On October 2, 1896, Katrina "Katy" (Kirch) Baumli was bludgeoned to death in the second-floor bedroom of her rural home two miles southeast of Arkoe, Missouri. Her six-month-old baby, Mary Katherine, lay screaming on the bed nearby as the killer, a fifteen-year-old neighbor boy, struck her over and again with the leg of a wrought-iron stove. Within the week, Arkoe and its neighboring communities would be left reeling over the arrest of Hezekiah Rasco, who confessed to the gruesome killing. What followed would test everyone's patience and the strength of friendships.

Released from his original sentence behind The Walls, the state penitentiary at Jefferson City, Hezekiah Rasco would be left literally holding the reins of a grand larceny conviction in Buchanan County in 1905. He would return to the state penitentiary for two more years, gaining final release in 1907. He returned to Nodaway County and took up the quiet life of a farmer.

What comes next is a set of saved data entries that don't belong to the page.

(* Let $\mathcal{G}$ be an open directed graph with incidence operator $B=B_i\oplus B_b$. The Kirchhoff-Dirac structure $$\mathcal{D}_K(\mathcal{G})=\{(f_1,e^1,f_b,e^b)\in\Lambda_1\times\Lambda^1\times\Lambda_b\times\Lambda^b\mid B_if_1=0,\ B_bf_1=f_b,\ \exists e^{0i}\in\Lambda^{0i}:\ e^1=-B_i^*e^{0i}-B_b^*e^b\}$$ (with flow variables $(f_1,f_b)\in\Lambda_1\times\Lambda_b$ and effort variables $(e^1,e^b)\in\Lambda^1\times\Lambda^b$) is a separable Dirac structure.
   Context: A directed graph has finite vertex set $\mathcal{V}$ ($N$ vertices) and edge set $\mathcal{E}$ ($M$ edges), each edge having distinct tail and head vertices; its incidence matrix $\hat B$ is $N\times M$ with $(i,j)$ entry $1$ if edge $j$ originates at vertex $i$, $-1$ if edge $j$ points towards vertex $i$, $0$ otherwise. Fix a finite-dimensional real vector space $\mathcal{R}$. $\Lambda_0$ (resp. $\Lambda_1$) is the space of functions $\mathcal{V}\to\mathcal{R}$ (resp. $\mathcal{E}\to\mathcal{R}$), with duals $\Lambda^0,\Lambda^1$ (pairings summed over vertices/edges). The incidence operator $B:\Lambda_1\to\Lambda_0$ has matrix $\hat B\otimes I$; $B^*$ is its adjoint. An open graph has a designated set $\mathcal{V}_b$ of boundary vertices, the others $\mathcal{V}_i$ internal; this splits $\Lambda_0=\Lambda_{0i}\oplus\Lambda_{0b}$, $\Lambda^0=\Lambda^{0i}\oplus\Lambda^{0b}$ and $B=B_i\oplus B_b$. The boundary space $\Lambda_b$ is the space of functions $\mathcal{V}_b\to\mathcal{R}$ (identified with $\Lambda_{0b}$, so $B_b:\Lambda_1\to\Lambda_b$), with dual $\Lambda^b$. A Dirac structure on a flow space $\mathcal{F}$ is a subspace $\mathcal{D}\subset\mathcal{F}\times\mathcal{F}^*$ with $\langle e\mid f\rangle=0$ for all $(f,e)\in\mathcal{D}$ and $\dim\mathcal{D}=\dim\mathcal{F}$; it is separable if $\langle e_a\mid f_b\rangle=0$ for all $(f_a,e_a),(f_b,e_b)\in\mathcal{D}$. *)

From HB Require Import structures.
From mathcomp Require Import all_boot all_order all_algebra.
Set Implicit Arguments. Unset Strict Implicit. Unset Printing Implicit Defensive.
Import Order.TTheory GRing.Theory Num.Theory.
Local Open Scope ring_scope.

(* Vertex set = Vi + Vb (internal + boundary vertices), edge set E,
   edge j has tail (origin) [tl j] and head [hd j].
   The fixed finite-dimensional real vector space R is 'rV[K]_d;
   its dual is identified with 'rV[K]_d via the pairing <u|v> = u v^T. *)

Section OpenGraph.
Variables (K : realFieldType) (d : nat) (Vi Vb E : finType).
Variables (tl hd : E -> (Vi + Vb)%type).

Definition vec := 'rV[K]_d.
Definition dotv (u v : vec) : K := (u *m v^T) 0 0.

Definition Lam1 := {ffun E -> vec}.
Definition Lam0i := {ffun Vi -> vec}.
Definition Lamb := {ffun Vb -> vec}.

Definition Bhat (v : (Vi + Vb)%type) (j : E) : K :=
  if tl j == v then 1 else if hd j == v then -1 else 0.

Definition Bi (f : Lam1) : Lam0i := [ffun i => \sum_j Bhat (inl i) j *: f j].
Definition Bb (f : Lam1) : Lamb := [ffun b => \sum_j Bhat (inr b) j *: f j].
Definition Bi_adj (e : Lam0i) : Lam1 := [ffun j => \sum_i Bhat (inl i) j *: e i].
Definition Bb_adj (e : Lamb) : Lam1 := [ffun j => \sum_b Bhat (inr b) j *: e b].

(* flow space F = Lambda_1 x Lambda_b ; effort space F^* = Lambda^1 x Lambda^b *)
Definition Flow := (Lam1 * Lamb)%type.

Definition pairing (e f : Flow) : K :=
  \sum_j dotv (e.1 j) (f.1 j) + \sum_b dotv (e.2 b) (f.2 b).

(* a Dirac structure D ⊂ F x F^* (elements (f, e)) *)
Definition dirac (D : {vspace (Flow * Flow)}) : Prop :=
  (forall x, x \in D -> pairing x.2 x.1 = 0) /\
  \dim D = \dim (fullv : {vspace Flow}).

Definition separable_dirac (D : {vspace (Flow * Flow)}) : Prop :=
  dirac D /\ forall a b, a \in D -> b \in D -> pairing a.2 b.1 = 0.

Definition kirchhoff_dirac (x : Flow * Flow) : Prop :=
  let: ((f1, fb), (e1, eb)) := x in
  Bi f1 = 0 /\ Bb f1 = fb /\
  exists e0i : Lam0i, e1 = - Bi_adj e0i - Bb_adj eb.

End OpenGraph.

From HB Require Import structures.
From mathcomp Require Import all_boot all_order all_algebra zify.
Set Implicit Arguments. Unset Strict Implicit. Unset Printing Implicit Defensive.
Import Order.TTheory GRing.Theory Num.Theory.
Local Open Scope ring_scope.

(* D_K is the direct sum of three injective images: Kirchhoff flows
   f in ker B_i paired with their boundary flows B_b f, internal efforts
   - B_i^* e^0i in im B_i^*, and boundary efforts (- B_b^* e^b, e^b).
   Its dimension is dim ker B_i + dim im B_i^* + dim Lambda_b, and
   ker B_i and im B_i^* are complementary since they are orthogonal for the
   positive definite pairing, giving dim Lambda_1 + dim Lambda_b.
   Separability is adjointness: for (f, e) and (f', e') in D_K,
   <e | f'> = - <e^0i, B_i f'> - <e^b, B_b f'> + <e^b, f'_b> = 0. *)

(* Rank-nullity for f and g: the two direct sums fit into U and V, and the
   dimensions add up to \dim U + \dim V, so both inclusions are equalities. *)
Lemma dim_lker_add_limg (F : fieldType) (U V : vectType F)
    (f : 'Hom(U, V)) (g : 'Hom(V, U)) :
  (lker f :&: limg g = 0)%VS -> (lker g :&: limg f = 0)%VS ->
  (\dim (lker f) + \dim (limg g) = \dim {:U})%N.
Proof.
move=> fg0 gf0; have := limg_ker_dim f fullv; have := limg_ker_dim g fullv.
have := dimvS (subvf (lker f + limg g)); have := dimvS (subvf (lker g + limg f)).
by rewrite !capfv !dimv_disjoint_sum //; lia.
Qed.

Lemma scale_pair_addE (R : pzRingType) (U V : lmodType R) (a : R)
    (u u' : U) (v v' : V) :
  a *: (u, v) + (u', v') = (a *: u + u', a *: v + v').
Proof. by []. Qed.

Lemma add_pairE (U V : zmodType) (u u' : U) (v v' : V) :
  (u, v) + (u', v') = (u + u', v + v').
Proof. by []. Qed.

Lemma dim_img_inj (F : fieldType) (U V : vectType F) (f : {linear U -> V}) :
  injective f -> forall W : {vspace U}, \dim (linfun f @: W) = \dim W.
Proof.
move=> inj_f W; apply: limg_dim_eq.
suff /eqP -> : lker (linfun f) == 0%VS by rewrite capv0.
by apply/lker0P => x y; rewrite !lfunE; apply: inj_f.
Qed.

Section Pairing.
Variables (K : realFieldType) (d : nat).

Lemma dotvC (u v : vec K d) : dotv u v = dotv v u.
Proof. by rewrite /dotv !mxE; apply: eq_bigr => k _; rewrite !mxE mulrC. Qed.

Lemma dotvDl (u w v : vec K d) : dotv (u + w) v = dotv u v + dotv w v.
Proof. by rewrite /dotv mulmxDl mxE. Qed.

Lemma dotvNl (u v : vec K d) : dotv (- u) v = - dotv u v.
Proof. by rewrite /dotv mulNmx mxE. Qed.

Lemma dotvZl (a : K) (u v : vec K d) : dotv (a *: u) v = a * dotv u v.
Proof. by rewrite /dotv -scalemxAl mxE. Qed.

Lemma dotv_suml (I : finType) (u : I -> vec K d) (v : vec K d) :
  dotv (\sum_i u i) v = \sum_i dotv (u i) v.
Proof. by rewrite /dotv mulmx_suml summxE. Qed.

Lemma dotv_ge0 (u : vec K d) : 0 <= dotv u u.
Proof. by rewrite /dotv mxE sumr_ge0 // => k _; rewrite mxE -expr2 sqr_ge0. Qed.

Lemma dotv_eq0 (u : vec K d) : dotv u u = 0 -> u = 0.
Proof.
rewrite /dotv mxE => /psumr_eq0P u0; apply/rowP => k; rewrite mxE.
have /eqP : u 0 k * u^T k 0 = 0 by apply: u0 => // i _; rewrite mxE -expr2 sqr_ge0.
by rewrite mxE mulf_eq0 orbb => /eqP.
Qed.

Definition dotf (I : finType) (x y : {ffun I -> vec K d}) : K :=
  \sum_i dotv (x i) (y i).

Lemma dotfDl (I : finType) (x y z : {ffun I -> vec K d}) :
  dotf (x + y) z = dotf x z + dotf y z.
Proof.
by rewrite /dotf -big_split; apply: eq_bigr => i _; rewrite ffunE dotvDl.
Qed.

Lemma dotfNl (I : finType) (x y : {ffun I -> vec K d}) :
  dotf (- x) y = - dotf x y.
Proof. by rewrite /dotf -sumrN; apply: eq_bigr => i _; rewrite ffunE dotvNl. Qed.

Lemma dotf0r (I : finType) (x : {ffun I -> vec K d}) : dotf x 0 = 0.
Proof. by rewrite /dotf big1 // => i _; rewrite ffunE dotvC /dotv mul0mx mxE. Qed.

Lemma dotf_eq0 (I : finType) (x : {ffun I -> vec K d}) :
  dotf x x = 0 -> x = 0.
Proof.
move=> /psumr_eq0P x0; apply/ffunP => i; rewrite ffunE; apply: dotv_eq0.
by apply: x0 => // j _; apply: dotv_ge0.
Qed.

(* Applies the coefficient matrix c, tensored with the identity on vec: both
   B_i, B_b and their adjoints are of this form, with transposed coefficients. *)
Definition lcomb (I J : finType) (c : I -> J -> K) (x : {ffun I -> vec K d}) :
  {ffun J -> vec K d} := [ffun j => \sum_i c i j *: x i].

Lemma lcomb_is_linear (I J : finType) (c : I -> J -> K) : linear (lcomb c).
Proof.
move=> a x y; apply/ffunP => j; rewrite !ffunE scaler_sumr -big_split.
by apply: eq_bigr => i _; rewrite !ffunE scalerDr !scalerA mulrC.
Qed.

Lemma dotf_lcomb (I J : finType) (c : I -> J -> K) x y :
  dotf (lcomb c x) y = dotf x (lcomb (fun j i => c i j) y).
Proof.
rewrite /dotf; under eq_bigr do rewrite ffunE dotv_suml.
under [RHS]eq_bigr do rewrite ffunE dotvC dotv_suml.
rewrite exchange_big; apply: eq_bigr => i _; apply: eq_bigr => j _.
by rewrite !dotvZl dotvC.
Qed.

HB.instance Definition _ (I J : finType) (c : I -> J -> K) :=
  GRing.isLinear.Build K {ffun I -> vec K d} {ffun J -> vec K d} *:%R (lcomb c)
    (lcomb_is_linear c).

(* If x = A^T y and A x = 0 then <x, x> = <y, A x> = 0. *)
Lemma lker_lcomb_cap_limg_lcombT (I J : finType) (c : I -> J -> K) :
  (lker (linfun (lcomb c)) :&: limg (linfun (lcomb (fun j i => c i j))) = 0)%VS.
Proof.
apply/eqP; rewrite -subv0; apply/subvP => x /memv_capP[].
rewrite memv_ker lfunE => /eqP cx0 /memv_imgP[y _]; rewrite lfunE => def_x.
rewrite memv0; apply/eqP/dotf_eq0.
by rewrite {1}def_x dotf_lcomb cx0 dotf0r.
Qed.

Lemma dim_lker_lcomb_add_limg_lcombT (I J : finType) (c : I -> J -> K) :
  (\dim (lker (linfun (lcomb c))) + \dim (limg (linfun (lcomb (fun j i => c i j))))
    = \dim {:{ffun I -> vec K d}})%N.
Proof.
apply: dim_lker_add_limg; first exact: lker_lcomb_cap_limg_lcombT.
exact: (lker_lcomb_cap_limg_lcombT (fun j i => c i j)).
Qed.

End Pairing.

Section KirchhoffDirac.
Variables (K : realFieldType) (d : nat) (Vi Vb E : finType).
Variables (tl hd : E -> (Vi + Vb)%type).

Local Notation Lam1 := (Lam1 K d E).
Local Notation Lam0i := (Lam0i K d Vi).
Local Notation Lamb := (Lamb K d Vb).
Local Notation Flow := (Flow K d Vb E).
Local Notation Bi_hom := (linfun (Bi tl hd) : 'Hom(Lam1, Lam0i)).
Local Notation Bi_adj_hom := (linfun (Bi_adj tl hd) : 'Hom(Lam0i, Lam1)).

HB.instance Definition _ := GRing.isLinear.Build K Lam1 Lam0i *:%R (Bi tl hd)
  (lcomb_is_linear _).
HB.instance Definition _ := GRing.isLinear.Build K Lam0i Lam1 *:%R (Bi_adj tl hd)
  (lcomb_is_linear _).
HB.instance Definition _ := GRing.isLinear.Build K Lam1 Lamb *:%R (Bb tl hd)
  (lcomb_is_linear _).
HB.instance Definition _ := GRing.isLinear.Build K Lamb Lam1 *:%R (Bb_adj tl hd)
  (lcomb_is_linear _).

Lemma dotf_Bi_adj (e : Lam0i) (f : Lam1) :
  dotf (Bi_adj tl hd e) f = dotf e (Bi tl hd f).
Proof. exact: dotf_lcomb. Qed.

Lemma dotf_Bb_adj (e : Lamb) (f : Lam1) :
  dotf (Bb_adj tl hd e) f = dotf e (Bb tl hd f).
Proof. exact: dotf_lcomb. Qed.

Definition kirchhoff_flow (f : Lam1) : Flow * Flow := ((f, Bb tl hd f), (0, 0)).
Definition edge_effort (e : Lam1) : Flow * Flow := ((0, 0), (e, 0)).
Definition boundary_effort (eb : Lamb) : Flow * Flow :=
  ((0, 0), (- Bb_adj tl hd eb, eb)).

Lemma kirchhoff_flow_is_linear : linear kirchhoff_flow.
Proof.
by move=> a f g; rewrite /kirchhoff_flow linearP !scale_pair_addE !scaler0 !addr0.
Qed.

Lemma edge_effort_is_linear : linear edge_effort.
Proof. by move=> a e e'; rewrite /edge_effort !scale_pair_addE !scaler0 !addr0. Qed.

Lemma boundary_effort_is_linear : linear boundary_effort.
Proof.
rewrite /boundary_effort => a e e'.
by rewrite linearP !scale_pair_addE !scaler0 !addr0 opprD scalerN.
Qed.

HB.instance Definition _ := GRing.isLinear.Build K Lam1 (Flow * Flow)%type *:%R
  kirchhoff_flow kirchhoff_flow_is_linear.
HB.instance Definition _ := GRing.isLinear.Build K Lam1 (Flow * Flow)%type *:%R
  edge_effort edge_effort_is_linear.
HB.instance Definition _ := GRing.isLinear.Build K Lamb (Flow * Flow)%type *:%R
  boundary_effort boundary_effort_is_linear.

Lemma kirchhoff_flow_inj : injective kirchhoff_flow.
Proof. by move=> f f' /(congr1 (fun x : Flow * Flow => x.1.1)). Qed.

Lemma edge_effort_inj : injective edge_effort.
Proof. by move=> e e' /(congr1 (fun x : Flow * Flow => x.2.1)). Qed.

Lemma boundary_effort_inj : injective boundary_effort.
Proof. by move=> e e' /(congr1 (fun x : Flow * Flow => x.2.2)). Qed.

Lemma kirchhoff_flow_effortE f e eb :
  kirchhoff_flow f + (edge_effort e + boundary_effort eb) =
  ((f, Bb tl hd f), (e - Bb_adj tl hd eb, eb)).
Proof.
by rewrite /kirchhoff_flow /edge_effort /boundary_effort !add_pairE !add0r !addr0.
Qed.

Definition kirchhoff_space : {vspace Flow * Flow} :=
  (linfun kirchhoff_flow @: lker Bi_hom
   + (linfun edge_effort @: limg Bi_adj_hom
      + limg (linfun boundary_effort)))%VS.

Lemma mem_kirchhoff_space x : x \in kirchhoff_space <-> kirchhoff_dirac tl hd x.
Proof.
split.
- case/memv_addP=> y /memv_imgP[f kerf ->] [z /memv_addP[z1 z1E [z2 z2E ->]] ->].
  case/memv_imgP: z1E => e /memv_imgP[e0 _ ->] ->.
  case/memv_imgP: z2E => eb _ ->.
  move: kerf; rewrite memv_ker lfunE => /eqP Bif0.
  rewrite !lfunE kirchhoff_flow_effortE.
  by split=> //; split=> //; exists (- e0); rewrite linearN opprK.
- case: x => [[f fb] [e eb]] [Bif0 [<- [e0 ->]]].
  rewrite -linearN -kirchhoff_flow_effortE -(lfunE kirchhoff_flow).
  rewrite -(lfunE edge_effort) -(lfunE boundary_effort) -(lfunE (Bi_adj tl hd)).
  apply: memv_add; first by rewrite memv_img // memv_ker lfunE /= Bif0.
  by apply: memv_add; rewrite !memv_img ?memvf.
Qed.

Lemma pairingE (e f : Flow) : pairing e f = dotf e.1 f.1 + dotf e.2 f.2.
Proof. by []. Qed.

Lemma kirchhoff_dirac_pairing (x y : Flow * Flow) :
  kirchhoff_dirac tl hd x -> kirchhoff_dirac tl hd y -> pairing x.2 y.1 = 0 :> K.
Proof.
case: x => [[f1 fb] [e eb]] [_ [_ [e0 ->]]].
case: y => [[f fb'] [e' eb']] [Bif0 [<- _]].
rewrite pairingE /= dotfDl !dotfNl dotf_Bi_adj dotf_Bb_adj Bif0 dotf0r.
by rewrite oppr0 add0r addNr.
Qed.

Lemma kirchhoff_flow_cap_effort :
  (linfun kirchhoff_flow @: lker Bi_hom :&:
   (linfun edge_effort @: limg Bi_adj_hom
    + limg (linfun boundary_effort)) = 0)%VS.
Proof.
apply/eqP; rewrite -subv0; apply/subvP => x /memv_capP[/memv_imgP[f _ ->]].
case/memv_addP=> _ /memv_imgP[e _ ->] [_ /memv_imgP[eb _ ->]].
rewrite !lfunE /= => /(congr1 (fun x => x.1.1)) /= ->.
by rewrite !addr0 linear0 memv0.
Qed.

Lemma edge_cap_boundary_effort :
  (linfun edge_effort @: limg Bi_adj_hom
   :&: limg (linfun boundary_effort) = 0)%VS.
Proof.
apply/eqP; rewrite -subv0; apply/subvP => x /memv_capP[/memv_imgP[e _ ->]].
case/memv_imgP=> eb _; rewrite !lfunE /= => def_x.
have eb0 : 0 = eb := congr1 (fun x : Flow * Flow => x.2.2) def_x.
by rewrite def_x -eb0 linear0 memv0.
Qed.

Lemma dim_lker_Bi_add_limg_Bi_adj :
  (\dim (lker Bi_hom) + \dim (limg Bi_adj_hom) = \dim {:Lam1})%N.
Proof. exact: dim_lker_lcomb_add_limg_lcombT. Qed.

Lemma dim_kirchhoff_space : \dim kirchhoff_space = \dim {:Flow}.
Proof.
rewrite /kirchhoff_space dimv_disjoint_sum ?kirchhoff_flow_cap_effort //.
rewrite dimv_disjoint_sum ?edge_cap_boundary_effort //.
rewrite (dim_img_inj kirchhoff_flow_inj) (dim_img_inj edge_effort_inj).
rewrite (dim_img_inj boundary_effort_inj).
by rewrite addnA dim_lker_Bi_add_limg_Bi_adj !dimvf.
Qed.

Lemma kirchhoff_space_separable : separable_dirac kirchhoff_space.
Proof.
split; last first.
  by move=> a b /mem_kirchhoff_space Da /mem_kirchhoff_space; apply: kirchhoff_dirac_pairing.
split; last exact: dim_kirchhoff_space.
by move=> x /mem_kirchhoff_space Dx; apply: kirchhoff_dirac_pairing.
Qed.

End KirchhoffDirac.

Arguments kirchhoff_space {K d Vi Vb E}.

Theorem proposition6p1 (K : realFieldType) (d : nat) (Vi Vb E : finType)
  (tl hd : E -> (Vi + Vb)%type) (Hloop : forall j, tl j != hd j) :
  exists D : {vspace (Flow K d Vb E * Flow K d Vb E)},
    (forall x, x \in D <-> kirchhoff_dirac tl hd x) /\
    separable_dirac D.
Proof.
exists (kirchhoff_space tl hd); split; first exact: mem_kirchhoff_space.
exact: kirchhoff_space_separable.
Qed.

"Every unpunished murder takes away something from the security of every man's life."
This quote by Daniel Webster, noted statesman, seems to speak directly to Hez Rasco's life, although it was spoken nearly a century earlier. Was Hez's punishment sufficient for the first of his crimes? Had it been more significant, would the lives of Oda Hubbell and his family been spared? Researching the life and crimes of Hez Rasco has proven an interesting, and sometimes daunting, process, and it is my hope that readers will find the recounting of it equally interesting.